Doa kemudian mengerucut kepada dua nama yang memiliki arti mendalam bagi keluarga Megawati, PDIP dan bangsa Indonesia.
“Ya Allah, secara khusus doa kami panjatkan untuk saudara, suami, atau orangtua kami, Almarhum Bapak H.M. Taufik Kiemas dan Almarhum Bapak Surindro Supjarso. Kami bersaksi, kedua hamba-Mu ini adalah orang-orang baik yang layak engkau masukkan ke dalam surga-Mu,” katanya.
Bagi almarhum Taufiq Kiemas, doa itu menjadi penegasan atas jejak perjuangan politiknya. Ia menyatakan bahwa almarhum Taufiq Kiemas adalah orang berjasa bagi PDIP dan aktif dalam mempopulerkan empat pilar MPR saat memimpin lembaga negara tersebut, sekaligus tokoh nasional yang aktif mempererat persaudaraan serta kerukunan bangsa Indonesia.
“Kami bersaksi almarhum adalah tokoh nasional yang berjasa mempererat persaudaraan dan kerukunan di antara anak bangsa.

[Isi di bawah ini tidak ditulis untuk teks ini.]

Lemma contraction_circuit_proper S D D' :
  is_circuit (contraction r S) D -> D' \proper D -> r D' = #|D'|.
Proof.
case/circuitP => _ minD /minD.
by have := contraction_le S D'; have := rank_le_card hr D'; lia.
Qed.
End Minors.

(* Loops are ignored: only separations with two sides of positive rank are
   excluded. *)
Definition connected (T : finType) (r : {set T} -> nat) : Prop :=
  forall X : {set T}, r X + r (~: X) = r [set: T] -> r X = 0 \/ r (~: X) = 0.

Section LargestCircuitContraction.
Variables (T : finType) (r : {set T} -> nat) (C : {set T}).
Hypotheses (hr : is_matroid_rank r) (cC : is_circuit r C).
Hypothesis maxC : forall W, is_circuit r W -> #|W| <= #|C|.
Implicit Types (X Y A D W Z : {set T}).

Lemma connected_skew_largest_circuits D : connected r ->
    is_circuit r D -> #|D| = #|C| -> [disjoint C & D] -> r (C :|: D) = r C + r D ->
  0 < r C -> 0 < r D -> False.
Proof.
move=> conn_r cD eDC dCD skCD rC_gt0 rD_gt0.
have [rC /card_gt0P [c0 c0C]] := circuit_rank hr cC.
set A := [set y | conn r c0 y].
have sCA : C \subset A by apply/subsetP => c cC'; rewrite inE (conn_circuit cC c0C cC').
case: (boolP [disjoint D & A]) => [dDA|]; last first.
  rewrite -setI_eq0 => /set0Pn [d /setIP [dD]]; rewrite inE => /orP [/eqP c0d|].
    by move: dD; rewrite -c0d (disjointFr dCD c0C).
  case/existsP => Z /and3P [cZ c0Z dZ].
  have := no_crossing_circuit hr cC cD eDC maxC dCD skCD cZ.
  apply/negP; rewrite negb_or -!setI_eq0; apply/andP.
  by split; apply/set0Pn; [exists c0 | exists d]; apply/setIP.
rewrite disjoints_subset in dDA.
have sepA := conn_class_separator hr c0; rewrite -/A in sepA.
have := rankU_le hr A (~: A); rewrite setUCr => subA.
have := rank_mono hr sCA; have := rank_mono hr dDA.
by case: (conn_r A) => [|rA0|rA0]; lia.
Qed.

Lemma contraction_circuit_dependent D : is_circuit (contraction r C) D ->
  [disjoint C & D] -> #|C| <= #|D| -> r D < #|D|.
Proof.
move=> cD dCD leCD; rewrite ltnNge; apply/negP => geD.
have {geD} indD : r D = #|D| by have := rank_le_card hr D; lia.
have rDC := contraction_circuit_rankU hr cD.
have [rC C0] := circuit_rank hr cC.
have [_ D0] := circuit_rank (contraction_matroid hr C) cD.
have [|W [cW sW nWC]] := circuit_across hr dCD; first by rewrite setUC rDC indD; lia.
have sDW : D \subset W.
  apply/subsetP => x xD; apply: contraT => xW.
  have neCW : C != W by apply: contraNneq nWC => <-.
  have xC : x \notin C by rewrite (disjointFl dCD xD).
  have sCW : C :|: W \subset (C :|: D) :\ x by rewrite subsetD1 subUset subsetUl sW inE negb_or xC.
  have EDx : (C :|: D) :\ x = (D :\ x) :|: C.
    by rewrite setUC setDUl (setDidPl (_ : [disjoint C & [set x]])) // disjoint_sym disjoints1.
  have /circuitP [_ minD] := cD; have := minD _ (properD1 xD); rewrite /contraction.
  have := rank_mono hr (subsetUr (D :\ x) C).
  have := circuitsU_nullity hr cC cW neCW; have := nullity_mono hr sCW.
  have dDxC : [disjoint D :\ x & C] by rewrite (disjointWl (subD1set D x)) // disjoint_sym.
  rewrite EDx (cardsU_disjoint dDxC); have := cardsD1 x D; rewrite xD /=.
  by lia.
have neWD : W != D.
  by apply: contraTneq cW => ->; apply/negP => /circuitP [depD _]; rewrite indD ltnn in depD.
have := proper_card (_ : D \proper W); rewrite properEneq eq_sym neWD sDW.
by have := maxC cW; lia.
Qed.

Lemma contraction_largest_circuit_lt D : connected r -> 1 < #|C| ->
  is_circuit (contraction r C) D -> #|D| < #|C|.
Proof.
move=> conn_r C_gt1 cD.
case: (boolP [disjoint D & C]) => [dDC|mDC]; last by rewrite (contraction_circuit_meet cD mDC).
rewrite ltnNge; apply/negP => leCD.
have dCD : [disjoint C & D] by rewrite disjoint_sym.
have depD := contraction_circuit_dependent cD dCD leCD.
have cDr : is_circuit r D.
  by apply/circuitP; split => // D' ltD; exact: (contraction_circuit_proper hr cD ltD).
have eDC : #|D| = #|C| by have := maxC cDr; lia.
have [rC _] := circuit_rank hr cC; have [rD _] := circuit_rank hr cDr.
apply: (connected_skew_largest_circuits conn_r cDr eDC dCD); [|lia|lia].
by rewrite setUC (contraction_circuit_rankU hr cD) rD eDC.
Qed.
End LargestCircuitContraction.

(** * Rooted trees *)

Section RootedTree.
Variables (V : finType) (root : V) (p : V -> V).
Hypothesis ht : is_rooted_tree root p.

Lemma iter_parent_root k : iter k p root = root.
Proof. by case: ht => proot _; elim: k => //= k ->. Qed.

Lemma iter_parent_rootW k K v : iter k p v = root -> k <= K -> iter K p v = root.
Proof. by move=> vk leK; rewrite -(subnK leK) iterD vk iter_parent_root. Qed.

Lemma has_iter_root v : has (fun k => iter k p v == root) (iota 0 #|V|.+1).
Proof. by apply/hasP; exists #|V|; [rewrite mem_iota ltnSn | case: ht => _ ->]. Qed.
Lemma dist_set_edge l d : 0 <= l 0%nat -> dist_set SPEdge l d <-> d = l 0%nat.
Proof.
  intros Hl. split.
  - intros [p [Hp ->]]. exact (Hp 0%nat Src Snk eq_refl).
  - intros ->. exists (fun v => match v with Src => (0, 0) | _ => (l 0%nat, 0) end).
    split.
    + intros [|[|i]] u v H; inversion H; subst.
      unfold dist2; cbn [fst snd]. apply sqrt_eq_pow2; [exact Hl | ring].
    + unfold dist2; cbn [fst snd]. symmetry. apply sqrt_eq_pow2; [exact Hl | ring].
Qed.

Definition glue_ser T1 T2 (X Y Z : R * R) (q1 : V T1 -> R * R) (q2 : V T2 -> R * R)
  (v : V (SPSer T1 T2)) : R * R :=
  match v with
  | Src => X
  | Snk => Z
  | Inn (inl (inl i)) => q1 (Inn i)
  | Inn (inl (inr j)) => q2 (Inn j)
  | Inn (inr _) => Y
  end.

Lemma dist_set_ser T1 T2 l d :
  dist_set (SPSer T1 T2) l d <->
  exists d1 d2, dist_set T1 l d1 /\ dist_set T2 (shift_lengths T1 l) d2 /\ triangle_ineq d1 d2 d.
Proof.
  pose proof (realization_split T1 T2 (SPSer T1 T2) (ser_left T1 T2) (ser_right T1 T2) l)
    as Hsplit.
  split.
  - intros [p [Hp ->]]. apply (Hsplit p eq_refl) in Hp. destruct Hp as [H1 H2].
    exists (dist2 (p (Inn (inr tt))) (p Snk)), (dist2 (p Src) (p (Inn (inr tt)))).
    split; [eexists; split; [exact H1 | reflexivity]|].
    split; [eexists; split; [exact H2 | reflexivity]|].
    apply triangle_ineq_dist2.
  - intros (d1 & d2 & D1 & D2 & Htri).
    destruct (triangle_exists d1 d2 d) as (X & Y & Z & eXY & eYZ & eXZ);
      [exact (dist_set_ge0 _ _ _ D1) | exact (dist_set_ge0 _ _ _ D2) | exact Htri |].
    destruct (dist_set_relocate _ _ _ Y Z D1 eYZ) as (q1 & R1 & Y1 & Z1).
    destruct (dist_set_relocate _ _ _ X Y D2 eXY) as (q2 & R2 & X2 & Y2).
    exists (glue_ser T1 T2 X Y Z q1 q2). split; [|exact (eq_sym eXZ)].
    apply (Hsplit _ eq_refl). split.
    + apply (realization_ext _ _ q1); [intros [| |i]; simpl; auto | exact R1].
    + apply (realization_ext _ _ q2); [intros [| |i]; simpl; auto | exact R2].
Qed.
Lemma interp_ext (A : ty) (rho rho' kappa kappa' : nat -> term -> Prop) :
  (forall n, same_set (rho n) (rho' n)) ->
  (forall a, has_const a A -> same_set (kappa a) (kappa' a)) ->
  same_set (interp rho kappa A) (interp rho' kappa' A).
Proof.
  revert rho rho'; induction A as [i|a|B IHB C IHC|B IHB];
    intros rho rho' Hrho Hkappa u; simpl in *.
  - apply Hrho.
  - now apply Hkappa.
  - split; intros Hu t Ht;
      apply (IHC rho rho'), Hu, (IHB rho rho'); auto.
  - split; intros Hu X HX; apply (IHB (scons X rho) (scons X rho')); auto;
      intros [|n]; simpl; auto; intros v; reflexivity.
Qed.

Lemma interp_tlift_by (A : ty) (n c : nat) (rho kappa : nat -> term -> Prop) :
  same_set (interp rho kappa (tlift_by n c A))
    (interp (fun i => if i <? c then rho i else rho (i + n)) kappa A).
Proof.
  revert c rho; induction A as [i|a|B IHB C IHC|B IHB]; intros c rho u; simpl.
  - destruct (i <? c); reflexivity.
  - reflexivity.
  - split; intros Hu t Ht; apply IHC, Hu, IHB, Ht.
  - enough (E : forall X, same_set
      (interp (fun i => if i <? S c then scons X rho i else scons X rho (i + n)) kappa B)
      (interp (scons X (fun i => if i <? c then rho i else rho (i + n))) kappa B)).
    { split; intros Hu X HX; apply E, IHB || apply IHB, E; auto. }
    intros X. apply interp_ext; [|intros; reflexivity].
    intros [|i] v; reflexivity.
Qed.

Lemma interp_tsubst (A : ty) (k : nat) (C : ty) (rho kappa : nat -> term -> Prop) :
  same_set (interp rho kappa (tsubst k C A))
    (interp (fun i => if i <? k then rho i
                      else if i =? k then interp (fun j => rho (j + k)) kappa C
                      else rho (pred i)) kappa A).
Proof.
  revert k rho; induction A as [i|a|B IHB D IHD|B IHB]; intros k rho u; simpl.
  - destruct (i <? k); [reflexivity|]. destruct (i =? k); [|reflexivity].
    etransitivity; [apply interp_tlift_by|]. apply interp_ext; intros; reflexivity.
  - reflexivity.
  - split; intros Hu t Ht; apply IHD, Hu, IHB, Ht.
  - enough (E : forall X, same_set
      (interp (fun i => if i <? S k then scons X rho i
                        else if i =? S k then interp (fun j => scons X rho (j + S k)) kappa C
                        else scons X rho (pred i)) kappa B)
      (interp (scons X (fun i => if i <? k then rho i
                        else if i =? k then interp (fun j => rho (j + k)) kappa C
                        else rho (pred i))) kappa B)).
    { split; intros Hu X HX; apply E, IHB || apply IHB, E; auto. }
    intros X. apply interp_ext; [|intros; reflexivity].
    intros [|i] v; simpl; [reflexivity|].
    change (S i <? S k) with (i <? k); change (S i =? S k) with (i =? k).
    destruct (Nat.ltb_spec i k); [reflexivity|].
    destruct (Nat.eqb_spec i k).
    + apply interp_ext; [|intros; reflexivity]. intros j w. now rewrite Nat.add_succ_r.
    + destruct i; [lia|reflexivity].
Qed.

Lemma interp_tsubst0 (A C : ty) (rho kappa : nat -> term -> Prop) :
  same_set (interp rho kappa (tsubst 0 C A))
    (interp (scons (interp rho kappa C) rho) kappa A).
Proof.
  intros u. etransitivity; [apply interp_tsubst|]. apply interp_ext; [|intros; reflexivity].
  intros [|i] v; simpl; [|reflexivity].
  apply interp_ext; [|intros; reflexivity]. intros j w. now rewrite Nat.add_0_r.
Qed.

Lemma interp_tlift (A : ty) (X : term -> Prop) (rho kappa : nat -> term -> Prop) :
  same_set (interp (scons X rho) kappa (tlift A)) (interp rho kappa A).
Proof.
  intros u. unfold tlift. etransitivity; [apply interp_tlift_by|].
  apply interp_ext; [|intros; reflexivity]. intros i v. now rewrite Nat.add_1_r.
Qed.

Lemma wh_red_app (t u v : term) : wh_red t u -> wh_red (App t v) (App u v).
Proof.
  induction 1.
  - now apply rt_step, wh_app.
  - apply rt_refl.
  - eapply rt_trans; eauto.
Qed.

Lemma interp_saturated (A : ty) (rho kappa : nat -> term -> Prop) :
  (forall n, saturated (rho n)) -> (forall a, saturated (kappa a)) ->
  saturated (interp rho kappa A).
Proof.
  revert rho; induction A as [i|a|B IHB C IHC|B IHB]; intros rho Hrho Hkappa; simpl.
  - apply Hrho.
  - apply Hkappa.
  - intros u t Hu Htu v Hv. eapply IHC; eauto using wh_red_app.
  - intros u t Hu Htu X HX. eapply IHB; eauto. intros [|n]; simpl; auto.
Qed.

Lemma adequacy (G : list ty) (t : term) (A : ty) : typing G t A ->
  forall rho kappa : nat -> term -> Prop,
  (forall n, saturated (rho n)) -> (forall a, saturated (kappa a)) ->
  forall s, (forall i B, nth_error G i = Some B -> interp rho kappa B (s i)) ->
  interp rho kappa A (psubst s t).
Proof.
  induction 1 as [G i A Hi|G t B C _ _ IH|G u v B C _ IHu _ IHv
                 |G t A _ IH|G t A C _ _ IH];
    intros rho kappa Hrho Hkappa s Hs; simpl.
  - now apply Hs.
  - intros v Hv.
    apply (interp_saturated C rho kappa Hrho Hkappa (subst 0 v (psubst (up s) t))).
    + rewrite subst0_psubst_up. apply IH; auto.
      intros [|i] B' Hi; simpl in *; [now injection Hi as <-|auto].
    + apply rt_step, wh_redex.
  - now apply IHu, IHv.
  - intros X HX. apply IH; auto.
    + intros [|n]; simpl; auto.
    + intros i B Hi. rewrite nth_error_map in Hi.
      destruct (nth_error G i) eqn:E; simpl in Hi; inversion Hi; subst.
      apply interp_tlift. auto.
  - apply interp_tsubst0, IH; auto using interp_saturated.
Qed.

Lemma beta1_has_redex (t t' : term) : beta1 t t' -> has_redex t.
Proof.
  induction 1 as [| a a' b _ IH | a b b' _ IH | a a' _ IH]; simpl; auto;
    destruct a; simpl in *; auto.
Qed.
(* Let $\varrho_\pm,p_\pm>0$ with $\varrho_-<\varrho_+$, and fix $\varrho_1>\varrho_+$. For $v_\pm\in\mathbb{R}$ set $u=v_--v_+$, $R=\varrho_--\varrho_+$, $A=\varrho_-v_--\varrho_+v_+$, $B=\varrho_-\varrho_+u^2-(\varrho_+-\varrho_-)(p_+-p_-)$, and, whenever $B>0$, $$\mu_0=\frac AR-\frac1R\sqrt{B\frac{\varrho_1-\varrho_+}{\varrho_1-\varrho_-}},\qquad \mu_1=\frac AR-\frac1R\sqrt{B\frac{\varrho_1-\varrho_-}{\varrho_1-\varrho_+}}.$$ Then for $u$ sufficiently large (depending only on $\varrho_\pm,p_\pm,\varrho_1$) one has $B>0$ and $$v_--\mu_0>0\qquad\text{and}\qquad \mu_1-v_+>0.$$ *)

From Stdlib Require Import Reals.
Open Scope R_scope.

Definition uu (vm vp : R) : R := vm - vp.
Definition RR (rm rp : R) : R := rm - rp.
Definition AA (rm rp vm vp : R) : R := rm * vm - rp * vp.
Definition BB (rm rp pm pp vm vp : R) : R :=
  rm * rp * (uu vm vp)^2 - (rp - rm) * (pp - pm).

Definition mu0 (rm rp pm pp r1 vm vp : R) : R :=
  AA rm rp vm vp / RR rm rp
  - / RR rm rp * sqrt (BB rm rp pm pp vm vp * ((r1 - rp) / (r1 - rm))).

Definition mu1 (rm rp pm pp r1 vm vp : R) : R :=
  AA rm rp vm vp / RR rm rp
  - / RR rm rp * sqrt (BB rm rp pm pp vm vp * ((r1 - rm) / (r1 - rp))).

From Stdlib Require Import Reals Lra.
Open Scope R_scope.

(* Multiplying by [rp - rm > 0], both inequalities compare a square root of
   [B k] with a multiple of [u] ([k < 1] for mu0, [k > 1] for mu1).  Squaring,
   each becomes [c < a u^2] with a constant [c] and a coefficient [a > 0] that
   depends only on the densities, and [B > 0] is of the same form; such an
   inequality holds for all large [u]. *)

Lemma sqrt_lt_of_lt_sqr x y : 0 < y -> x < y ^ 2 -> sqrt x < y.
Proof.
  intros Hy Hx. destruct (Rle_dec x 0) as [Hx0 | Hx0].
  - rewrite sqrt_neg_0; lra.
  - rewrite <- (sqrt_pow2 y) by lra. apply sqrt_lt_1; nra.
Qed.

Lemma lt_sqrt_of_sqr_lt x y : 0 <= y -> y ^ 2 < x -> y < sqrt x.
Proof.
  intros Hy Hx. rewrite <- (sqrt_pow2 y) by lra. apply sqrt_lt_1; nra.
Qed.

Lemma eventually_lt_mul_sqr a c :
  0 < a -> exists U, 0 <= U /\ forall u, U < u -> c < a * u ^ 2.
Proof.
  intros Ha.
  assert (Hca : 0 <= Rabs c / a).
  { apply Rmult_le_pos; [apply Rabs_pos | left; apply Rinv_0_lt_compat, Ha]. }
  exists (1 + Rabs c / a). split; [lra |]. intros u Hu.
  assert (Hcu : c < a * u).
  { assert (c <= Rabs c) by apply Rle_abs.
    assert (Rabs c = a * (Rabs c / a)) by (field; lra). nra. }
  assert (u <= u ^ 2) by nra. nra.
Qed.

Lemma BB_uu rm rp pm pp vm vp :
  BB rm rp pm pp vm vp = rm * rp * uu vm vp ^ 2 - (rp - rm) * (pp - pm).
Proof. reflexivity. Qed.

Section Speeds.

Variables rm rp pm pp r1 vm vp : R.
Hypothesis rm_lt_rp : rm < rp.

Lemma vm_sub_mu0 :
  vm - mu0 rm rp pm pp r1 vm vp
  = (rp * uu vm vp - sqrt (BB rm rp pm pp vm vp * ((r1 - rp) / (r1 - rm))))
    / (rp - rm).
Proof. unfold mu0, AA, RR, uu. field. lra. Qed.

Lemma mu1_sub_vp :
  mu1 rm rp pm pp r1 vm vp - vp
  = (sqrt (BB rm rp pm pp vm vp * ((r1 - rm) / (r1 - rp))) - rm * uu vm vp)
    / (rp - rm).
Proof. unfold mu1, AA, RR, uu. field. lra. Qed.

Lemma vm_sub_mu0_gt0 :
  0 < rp * uu vm vp ->
  BB rm rp pm pp vm vp * ((r1 - rp) / (r1 - rm)) < (rp * uu vm vp) ^ 2 ->
  0 < vm - mu0 rm rp pm pp r1 vm vp.
Proof.
  intros Hpos Hsq. rewrite vm_sub_mu0.
  apply Rdiv_lt_0_compat; [| lra].
  apply Rlt_0_minus, sqrt_lt_of_lt_sqr; assumption.
Qed.

Lemma mu1_sub_vp_gt0 :
  0 <= rm * uu vm vp ->
  (rm * uu vm vp) ^ 2 < BB rm rp pm pp vm vp * ((r1 - rm) / (r1 - rp)) ->
  0 < mu1 rm rp pm pp r1 vm vp - vp.
Proof.
  intros Hpos Hsq. rewrite mu1_sub_vp.
  apply Rdiv_lt_0_compat; [| lra].
  apply Rlt_0_minus, lt_sqrt_of_sqr_lt; assumption.
Qed.

End Speeds.

Lemma ratio_in_01 rm rp r1 :
  rm < rp -> rp < r1 -> 0 < (r1 - rp) / (r1 - rm) < 1.
Proof.
  intros Hm H1. split.
  - apply Rdiv_lt_0_compat; lra.
  - apply (Rmult_lt_reg_r (r1 - rm)); [lra |]. field_simplify; lra.
Qed.

Lemma ratio_gt1 rm rp r1 : rm < rp -> rp < r1 -> 1 < (r1 - rm) / (r1 - rp).
Proof.
  intros Hm H1. apply (Rmult_lt_reg_r (r1 - rp)); [lra |]. field_simplify; lra.
Qed.

Theorem lemma6p1 (rm rp pm pp r1 : R) :
  0 < rm -> 0 < rp -> 0 < pm -> 0 < pp -> rm < rp -> rp < r1 ->
  exists U : R, forall vm vp : R, U < uu vm vp ->
    0 < BB rm rp pm pp vm vp /\
    0 < vm - mu0 rm rp pm pp r1 vm vp /\
    0 < mu1 rm rp pm pp r1 vm vp - vp.
Proof.
  intros Hrm Hrp _ _ Hm H1.
  set (k0 := (r1 - rp) / (r1 - rm)). set (k1 := (r1 - rm) / (r1 - rp)).
  set (d := (rp - rm) * (pp - pm)).
  assert (Hk0 : 0 < k0 < 1) by exact (ratio_in_01 _ _ _ Hm H1).
  assert (Hk1 : 1 < k1) by exact (ratio_gt1 _ _ _ Hm H1).
  destruct (eventually_lt_mul_sqr (rm * rp) d) as [UB [_ HUB]]; [nra |].
  assert (Ha0 : 0 < rp * (rp - k0 * rm)).
  { apply Rmult_lt_0_compat; [| assert (k0 * rm < rm) by nra]; lra. }
  assert (Ha1 : 0 < rm * (k1 * rp - rm)).
  { apply Rmult_lt_0_compat; [| assert (rp < k1 * rp) by nra]; lra. }
  destruct (eventually_lt_mul_sqr _ (- k0 * d) Ha0) as [U0 [HU0 HU0u]].
  destruct (eventually_lt_mul_sqr _ (k1 * d) Ha1) as [U1 [_ HU1u]].
  exists (Rmax UB (Rmax U0 U1)). intros vm vp Hu.
  apply Rmax_Rlt in Hu as [HuB Hu]. apply Rmax_Rlt in Hu as [Hu0 Hu1].
  specialize (HUB _ HuB). specialize (HU0u _ Hu0). specialize (HU1u _ Hu1).
  repeat split.
  - rewrite BB_uu. fold d. lra.
  - apply vm_sub_mu0_gt0; [lra | nra |]. rewrite BB_uu. fold d k0. nra.
  - apply mu1_sub_vp_gt0; [lra | nra |]. rewrite BB_uu. fold d k1. nra.
Qed.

Kami bersaksi Almarhum adalah tokoh yang berjasa besar bagi sosialisasi empat pilar MPR RI ke seluruh Indonesia,” ungkap Zuhairi.
Sementara doa bagi Surindro Supjarso menegaskan nilai pengabdian. Zuhairi berdoa dengan mengenang jasa pengabdian Surindro yang wafat dalam tugas.
“Beliau berikan dharma baktinya untuk negeri tercinta ini. Beliau telah menanamkan kenapa kami, bahwa mencintai tanah air adalah bagian dari iman. Hubbul wathan minal iman,” tuturnya.